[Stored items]
- - - - - - -

(* Let $p\ge2$ and consider the dynamic panel logit AR($p$) model with $T=3$: binary outcomes $Y_{1-p},\dots,Y_0,Y_1,Y_2,Y_3\in\{0,1\}$, regressors $X=(X_1,X_2,X_3)\in\mathbb{R}^{K\times3}$, fixed effect $A\in\mathbb{R}$, with, for $t\in\{1,2,3\}$, $$\Pr(Y_t=1\mid Y_{1-p},\dots,Y_{t-1},X,A)=\frac{\exp(X_t'\beta_0+\sum_{\ell=1}^pY_{t-\ell}\gamma_{0,\ell}+A)}{1+\exp(X_t'\beta_0+\sum_{\ell=1}^pY_{t-\ell}\gamma_{0,\ell}+A)}$$ and true parameters $\beta_0\in\mathbb{R}^K$, $\gamma_0\in\mathbb{R}^p$. Let $Y^{(0)}=(Y_{1-p},\dots,Y_0)$, let $0_r$ and $1_r$ denote the $r$-vectors of zeros and ones, and let $x_{ts}=x_t-x_s$. For $y=(y_1,y_2,y_3)$ define $$m_{(0_p)}=\begin{cases}e^{x_{12}'\beta}&y=(0,1,0),\\ e^{x_{12}'\beta-\gamma_1}&y=(0,1,1),\\ -1&(y_1,y_2)=(1,0),\\0&\text{otherwise},\end{cases}\qquad m_{(0,1_{p-1})}=\begin{cases}-1&(y_1,y_2)=(0,1),\\ e^{x_{21}'\beta-\gamma_1+\gamma_p}&y=(1,0,0),\\ e^{x_{21}'\beta+\gamma_p}&y=(1,0,1),\\0&\text{otherwise},\end{cases}$$ $$m_{(1,0_{p-1})}=\begin{cases}e^{x_{12}'\beta+\gamma_p}&y=(0,1,0),\\ e^{x_{12}'\beta-\gamma_1+\gamma_p}&y=(0,1,1),\\ -1&(y_1,y_2)=(1,0),\\0&\text{otherwise},\end{cases}\qquad m_{(1_p)}=\begin{cases}-1&(y_1,y_2)=(0,1),\\ e^{x_{21}'\beta-\gamma_1}&y=(1,0,0),\\ e^{x_{21}'\beta}&y=(1,0,1),\\0&\text{otherwise},\end{cases}$$ as functions of $(y,x,\beta,\gamma)$. Then for all $y^{(0)}\in\{0_p,(0,1_{p-1}),(1,0_{p-1}),1_p\}$, $(x_1,x_2)\in\mathbb{R}^{K\times2}$ and $\alpha\in\mathbb{R}$, $$\mathbb{E}\big[m_{y^{(0)}}(Y,X,\beta_0,\gamma_0)\mid Y^{(0)}=y^{(0)},X=(x_1,x_2,x_2),A=\alpha\big]=0,$$ where $Y=(Y_1,Y_2,Y_3)$.
   Context: The joint distribution of $(Y^{(0)},X,A)$ is unrestricted; only the conditional law of $(Y_1,Y_2,Y_3)$ given $(Y^{(0)},X,A)$ is specified by the model. The vector $(0,1_{p-1})$ has first entry (corresponding to $Y_{1-p}$) equal to $0$ and all others equal to $1$; similarly for $(1,0_{p-1})$. *)

From Stdlib Require Import Reals List.
Import ListNotations.
Open Scope R_scope.

(* Vectors in R^K are functions nat -> R (entries 0..K-1 used). *)
Fixpoint dot (K : nat) (u v : nat -> R) : R :=
  match K with O => 0 | S k => dot k u v + u k * v k end.

Fixpoint sum1 (n : nat) (f : nat -> R) : R :=
  match n with O => 0 | S k => sum1 k f + f (S k) end.

Definition b2r (b : bool) : R := if b then 1 else 0.

Definition Lambda (z : R) : R := exp z / (1 + exp z).

(* Full outcome history indexed by position i: position i holds Y_{i+1-p}.
   So y0 i = Y_{1-p+i} for i < p, and Y_t (t = 1,2,3) sits at position p-1+t. *)
Definition hist (p : nat) (y0 : nat -> bool) (y1 y2 y3 : bool) (i : nat) : bool :=
  if Nat.ltb i p then y0 i
  else if Nat.eqb i p then y1
  else if Nat.eqb i (S p) then y2 else y3.

(* sum_{l=1}^p Y_{t-l} gamma_l  (gamma indexed 1..p) *)
Definition lagsum (p : nat) (gamma : nat -> R) (h : nat -> bool) (t : nat) : R :=
  sum1 p (fun l => b2r (h (p + t - 1 - l)%nat) * gamma l).

Definition lindex (p K : nat) (beta gamma : nat -> R) (h : nat -> bool)
  (x : nat -> nat -> R) (alpha : R) (t : nat) : R :=
  dot K (x t) beta + lagsum p gamma h t + alpha.

Definition pr_t (p K : nat) (beta gamma : nat -> R) (h : nat -> bool)
  (x : nat -> nat -> R) (alpha : R) (t : nat) (yt : bool) : R :=
  let L := Lambda (lindex p K beta gamma h x alpha t) in
  if yt then L else 1 - L.

Definition condprob (p K : nat) (beta gamma : nat -> R) (y0 : nat -> bool)
  (x : nat -> nat -> R) (alpha : R) (y1 y2 y3 : bool) : R :=
  let h := hist p y0 y1 y2 y3 in
  pr_t p K beta gamma h x alpha 1 y1 *
  pr_t p K beta gamma h x alpha 2 y2 *
  pr_t p K beta gamma h x alpha 3 y3.

Definition bools : list bool := true :: false :: nil.

Definition condexp (p K : nat) (beta gamma : nat -> R) (y0 : nat -> bool)
  (x : nat -> nat -> R) (alpha : R) (m : bool -> bool -> bool -> R) : R :=
  fold_right Rplus 0 (map (fun y1 =>
  fold_right Rplus 0 (map (fun y2 =>
  fold_right Rplus 0 (map (fun y3 =>
    m y1 y2 y3 * condprob p K beta gamma y0 x alpha y1 y2 y3) bools)) bools)) bools).

Inductive init := I0p | I01 | I10 | I1p.

Definition y0_of (c : init) : nat -> bool :=
  match c with
  | I0p => fun _ => false
  | I01 => fun i => negb (Nat.eqb i 0)
  | I10 => fun i => Nat.eqb i 0
  | I1p => fun _ => true
  end.

Definition mfun (c : init) (p K : nat) (x : nat -> nat -> R) (beta gamma : nat -> R)
  (y1 y2 y3 : bool) : R :=
  let x12 := dot K (x 1%nat) beta - dot K (x 2%nat) beta in
  let x21 := dot K (x 2%nat) beta - dot K (x 1%nat) beta in
  let g1 := gamma 1%nat in
  let gp := gamma p in
  match c with
  | I0p => match y1, y2, y3 with
           | false, true, false => exp x12
           | false, true, true => exp (x12 - g1)
           | true, false, _ => -1
           | _, _, _ => 0 end
  | I01 => match y1, y2, y3 with
           | false, true, _ => -1
           | true, false, false => exp (x21 - g1 + gp)
           | true, false, true => exp (x21 + gp)
           | _, _, _ => 0 end
  | I10 => match y1, y2, y3 with
           | false, true, false => exp (x12 + gp)
           | false, true, true => exp (x12 - g1 + gp)
           | true, false, _ => -1
           | _, _, _ => 0 end
  | I1p => match y1, y2, y3 with
           | false, true, _ => -1
           | true, false, false => exp (x21 - g1)
           | true, false, true => exp x21
           | _, _, _ => 0 end
  end.

Definition Xstay (x1 x2 : nat -> R) : nat -> nat -> R :=
  fun t => if Nat.eqb t 1 then x1 else x2.

(* For a fixed initial condition, the three logit indices depend only on
   (Y_1, Y_2), and since X_2 = X_3 the period-3 index after the switch (0,1)
   equals the period-2 index after Y_1 = 1 (after (1,0): the one after
   Y_1 = 0).  With the odds identity Lambda z = e^z (1 - Lambda z), the
   weights exp (+-(z_2 - z_1)) in m then turn the probability of one switch
   into that of the other, and the two cancel.  Relabelling 0 <-> 1 while
   negating every index preserves the model and exchanges the two kinds of
   switch, so a single identity covers all four initial conditions. *)
From Stdlib Require Import Reals Lia Lra.
Open Scope R_scope.

Lemma sum1_ext n f g :
  (forall l, (1 <= l <= n)%nat -> f l = g l) -> sum1 n f = sum1 n g.
Proof.
  induction n as [|n IH]; intros Hfg; simpl; [reflexivity|].
  rewrite IH by (intros; apply Hfg; lia).
  rewrite (Hfg (S n)) by lia; reflexivity.
Qed.

Lemma sum1_scal n k f : sum1 n (fun l => k * f l) = k * sum1 n f.
Proof. induction n as [|n IH]; simpl; [ring|]. rewrite IH; ring. Qed.

Lemma sum1_first n f :
  (0 < n)%nat -> sum1 n f = f 1%nat + sum1 (n - 1) (fun l => f (S l)).
Proof.
  intros Hn; destruct n as [|n]; [lia|]; rewrite Nat.sub_succ, Nat.sub_0_r.
  induction n as [|n IH]; simpl in *; [ring|]. rewrite IH by lia; ring.
Qed.

Lemma sum1_last n f : (0 < n)%nat -> sum1 n f = sum1 (n - 1) f + f n.
Proof. intros Hn; destruct n as [|n]; [lia|]; simpl; rewrite Nat.sub_0_r; reflexivity. Qed.

Lemma hist_init p y0 y1 y2 y3 i : (i < p)%nat -> hist p y0 y1 y2 y3 i = y0 i.
Proof. intros Hi; unfold hist; destruct (Nat.ltb_spec i p); [reflexivity | lia]. Qed.

Lemma hist_p p y0 y1 y2 y3 : hist p y0 y1 y2 y3 p = y1.
Proof. unfold hist; rewrite Nat.ltb_irrefl, Nat.eqb_refl; reflexivity. Qed.

Lemma hist_Sp p y0 y1 y2 y3 : hist p y0 y1 y2 y3 (S p) = y2.
Proof.
  unfold hist; destruct (Nat.ltb_spec (S p) p); [lia|].
  destruct (Nat.eqb_spec (S p) p); [lia|].
  rewrite Nat.eqb_refl; reflexivity.
Qed.

Section LagSums.

Variables (p : nat) (g : nat -> R) (y0 : nat -> bool) (v : bool).
Hypothesis p_ge2 : (2 <= p)%nat.
Hypothesis y0_tail : forall i, (1 <= i < p)%nat -> y0 i = v.

Lemma sum1_hist_tail n (pos : nat -> nat) (f : nat -> R) y1 y2 y3 :
  (forall l, (1 <= l <= n)%nat -> (1 <= pos l < p)%nat) ->
  sum1 n (fun l => b2r (hist p y0 y1 y2 y3 (pos l)) * f l) = b2r v * sum1 n f.
Proof.
  intros Hpos; rewrite <- sum1_scal; apply sum1_ext; intros l Hl.
  rewrite hist_init, y0_tail; auto; apply Hpos; lia.
Qed.

Lemma lagsum_hist_1 y1 y2 y3 :
  lagsum p g (hist p y0 y1 y2 y3) 1 = b2r (y0 0%nat) * g p + b2r v * (sum1 p g - g p).
Proof.
  unfold lagsum; rewrite !(sum1_last p) by lia.
  rewrite (sum1_hist_tail (p - 1) (fun l => p + 1 - 1 - l)%nat g) by lia.
  replace (p + 1 - 1 - p)%nat with 0%nat by lia.
  rewrite hist_init by lia; ring.
Qed.

Lemma lagsum_hist_2 y1 y2 y3 :
  lagsum p g (hist p y0 y1 y2 y3) 2 = b2r y1 * g 1%nat + b2r v * (sum1 p g - g 1%nat).
Proof.
  unfold lagsum; rewrite !(sum1_first p) by lia.
  rewrite (sum1_hist_tail (p - 1) (fun l => p + 2 - 1 - S l)%nat (fun l => g (S l)))
    by lia.
  replace (p + 2 - 1 - 1)%nat with p by lia.
  rewrite hist_p; ring.
Qed.

Lemma lagsum_hist_3 y1 y2 y3 :
  lagsum p g (hist p y0 y1 y2 y3) 3
  = b2r y2 * g 1%nat + b2r y1 * g 2%nat + b2r v * (sum1 p g - g 1%nat - g 2%nat).
Proof.
  unfold lagsum; rewrite !(sum1_first p), !(sum1_first (p - 1)) by lia.
  rewrite (sum1_hist_tail (p - 1 - 1) (fun l => p + 3 - 1 - S (S l))%nat
             (fun l => g (S (S l)))) by lia.
  replace (p + 3 - 1 - 1)%nat with (S p) by lia.
  replace (p + 3 - 1 - 2)%nat with p by lia.
  rewrite hist_Sp, hist_p; ring.
Qed.

End LagSums.

Definition bern (q : R) (y : bool) : R := if y then q else 1 - q.

Definition seqprob (z1 : R) (z2 : bool -> R) (z3 : bool -> bool -> R)
  (y1 y2 y3 : bool) : R :=
  bern (Lambda z1) y1 * bern (Lambda (z2 y1)) y2 * bern (Lambda (z3 y1 y2)) y3.

Definition sum_bool (f : bool -> R) : R := f true + f false.

Definition sum3 (F : bool -> bool -> bool -> R) : R :=
  sum_bool (fun y1 => sum_bool (fun y2 => sum_bool (fun y3 => F y1 y2 y3))).

Lemma sum3_negb F : sum3 F = sum3 (fun y1 y2 y3 => F (negb y1) (negb y2) (negb y3)).
Proof. unfold sum3, sum_bool; simpl; ring. Qed.

Lemma Lambda_opp z : Lambda (- z) = 1 - Lambda z.
Proof.
  unfold Lambda; rewrite exp_Ropp.
  pose proof (exp_pos z); field; split; lra.
Qed.

Lemma bern_Lambda_negb z y : bern (Lambda z) (negb y) = bern (Lambda (- z)) y.
Proof. destruct y; simpl; rewrite Lambda_opp; ring. Qed.

Lemma seqprob_negb z1 z2 z3 y1 y2 y3 :
  seqprob z1 z2 z3 (negb y1) (negb y2) (negb y3)
  = seqprob (- z1) (fun y1 => - z2 (negb y1)) (fun y1 y2 => - z3 (negb y1) (negb y2))
      y1 y2 y3.
Proof. unfold seqprob; rewrite !bern_Lambda_negb; reflexivity. Qed.

Lemma sum3_ext F G :
  (forall y1 y2 y3, F y1 y2 y3 = G y1 y2 y3) -> sum3 F = sum3 G.
Proof. intros FG; unfold sum3, sum_bool; rewrite !FG; reflexivity. Qed.

Lemma Lambda_switch z u u' :
  exp (z - u) * ((1 - Lambda z) * Lambda u * (1 - Lambda u'))
  + exp (z - u') * ((1 - Lambda z) * Lambda u * Lambda u')
  = Lambda z * (1 - Lambda u').
Proof.
  unfold Lambda, Rminus; rewrite !exp_plus, !exp_Ropp.
  pose proof (exp_pos z); pose proof (exp_pos u); pose proof (exp_pos u').
  field; repeat split; lra.
Qed.

Lemma moment_switch_up z1 z2 z3 (m : bool -> bool -> bool -> R) :
  z3 false true = z2 true ->
  (forall y y3, m y y y3 = 0) ->
  (forall y3, m true false y3 = -1) ->
  m false true false = exp (z1 - z2 false) ->
  m false true true = exp (z1 - z2 true) ->
  sum3 (fun y1 y2 y3 => m y1 y2 y3 * seqprob z1 z2 z3 y1 y2 y3) = 0.
Proof.
  intros Hz3 Hstay H10 H010 H011.
  pose proof (Lambda_switch z1 (z2 false) (z2 true)) as Hkey.
  unfold sum3, sum_bool, seqprob, bern.
  rewrite !Hstay, !H10, H010, H011, Hz3.
  lra.
Qed.

Lemma moment_switch_down z1 z2 z3 (m : bool -> bool -> bool -> R) :
  z3 true false = z2 false ->
  (forall y y3, m y y y3 = 0) ->
  (forall y3, m false true y3 = -1) ->
  m true false false = exp (z2 false - z1) ->
  m true false true = exp (z2 true - z1) ->
  sum3 (fun y1 y2 y3 => m y1 y2 y3 * seqprob z1 z2 z3 y1 y2 y3) = 0.
Proof.
  intros Hz3 Hstay H01 H100 H101.
  rewrite sum3_negb.
  erewrite sum3_ext by (intros; rewrite seqprob_negb; reflexivity).
  apply moment_switch_up; simpl.
  - rewrite Hz3; reflexivity.
  - intros y y3; apply Hstay.
  - intros y3; apply H01.
  - rewrite H101; f_equal; ring.
  - rewrite H100; f_equal; ring.
Qed.

Lemma condexp_sum3 p K beta gamma y0 x alpha m :
  condexp p K beta gamma y0 x alpha m
  = sum3 (fun y1 y2 y3 => m y1 y2 y3 * condprob p K beta gamma y0 x alpha y1 y2 y3).
Proof. unfold condexp, sum3, sum_bool; cbn [bools List.map List.fold_right]; ring. Qed.

Lemma condprob_Xstay p K beta gamma y0 (v : bool) x1 x2 alpha y1 y2 y3 :
  (2 <= p)%nat -> (forall i, (1 <= i < p)%nat -> y0 i = v) ->
  condprob p K beta gamma y0 (Xstay x1 x2) alpha y1 y2 y3
  = seqprob
      (dot K x1 beta + (b2r (y0 0%nat) * gamma p + b2r v * (sum1 p gamma - gamma p)) + alpha)
      (fun y1 => dot K x2 beta
                 + (b2r y1 * gamma 1%nat + b2r v * (sum1 p gamma - gamma 1%nat)) + alpha)
      (fun y1 y2 => dot K x2 beta
                    + (b2r y2 * gamma 1%nat + b2r y1 * gamma 2%nat
                       + b2r v * (sum1 p gamma - gamma 1%nat - gamma 2%nat)) + alpha)
      y1 y2 y3.
Proof.
  intros hp Htail; unfold condprob, pr_t, lindex.
  rewrite (lagsum_hist_1 p gamma y0 v), (lagsum_hist_2 p gamma y0 v),
    (lagsum_hist_3 p gamma y0 v) by assumption.
  reflexivity.
Qed.

Definition tail_of (c : init) : bool :=
  match c with I0p | I10 => false | I01 | I1p => true end.

Lemma y0_of_tail c i : (1 <= i)%nat -> y0_of c i = tail_of c.
Proof. intros Hi; destruct c, i; simpl; reflexivity || lia. Qed.

Theorem lemma5 (p K : nat) (hp : (2 <= p)%nat) (beta0 gamma0 : nat -> R)
  (c : init) (x1 x2 : nat -> R) (alpha : R) :
  condexp p K beta0 gamma0 (y0_of c) (Xstay x1 x2) alpha
    (fun y1 y2 y3 => mfun c p K (Xstay x1 x2) beta0 gamma0 y1 y2 y3) = 0.
Proof.
  rewrite condexp_sum3.
  erewrite sum3_ext by (intros; rewrite (condprob_Xstay _ _ _ _ _ (tail_of c)) by
    (assumption || (intros; apply y0_of_tail; lia)); reflexivity).
  destruct c; cbn [y0_of tail_of];
    [apply moment_switch_up | apply moment_switch_down
    | apply moment_switch_up | apply moment_switch_down].
  all: try (intros [] []; reflexivity); try (intros []; reflexivity).
  all: cbn; (ring || (f_equal; ring)).
Qed.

- - - - - - -

§ EXERCISE INSTRUCTIONS
All that is needed is the exact run of lines above from the line containing "Proof. unfold condexp, sum3, sum_bool;" through the line containing "(2 <= p)%nat ->", both of them included.

§ WRITTEN REPLY
Proof. unfold condexp, sum3, sum_bool; cbn [bools List.map List.fold_right]; ring. Qed.

Lemma condprob_Xstay p K beta gamma y0 (v : bool) x1 x2 alpha y1 y2 y3 :
  (2 <= p)%nat -> (forall i, (1 <= i < p)%nat -> y0 i = v) ->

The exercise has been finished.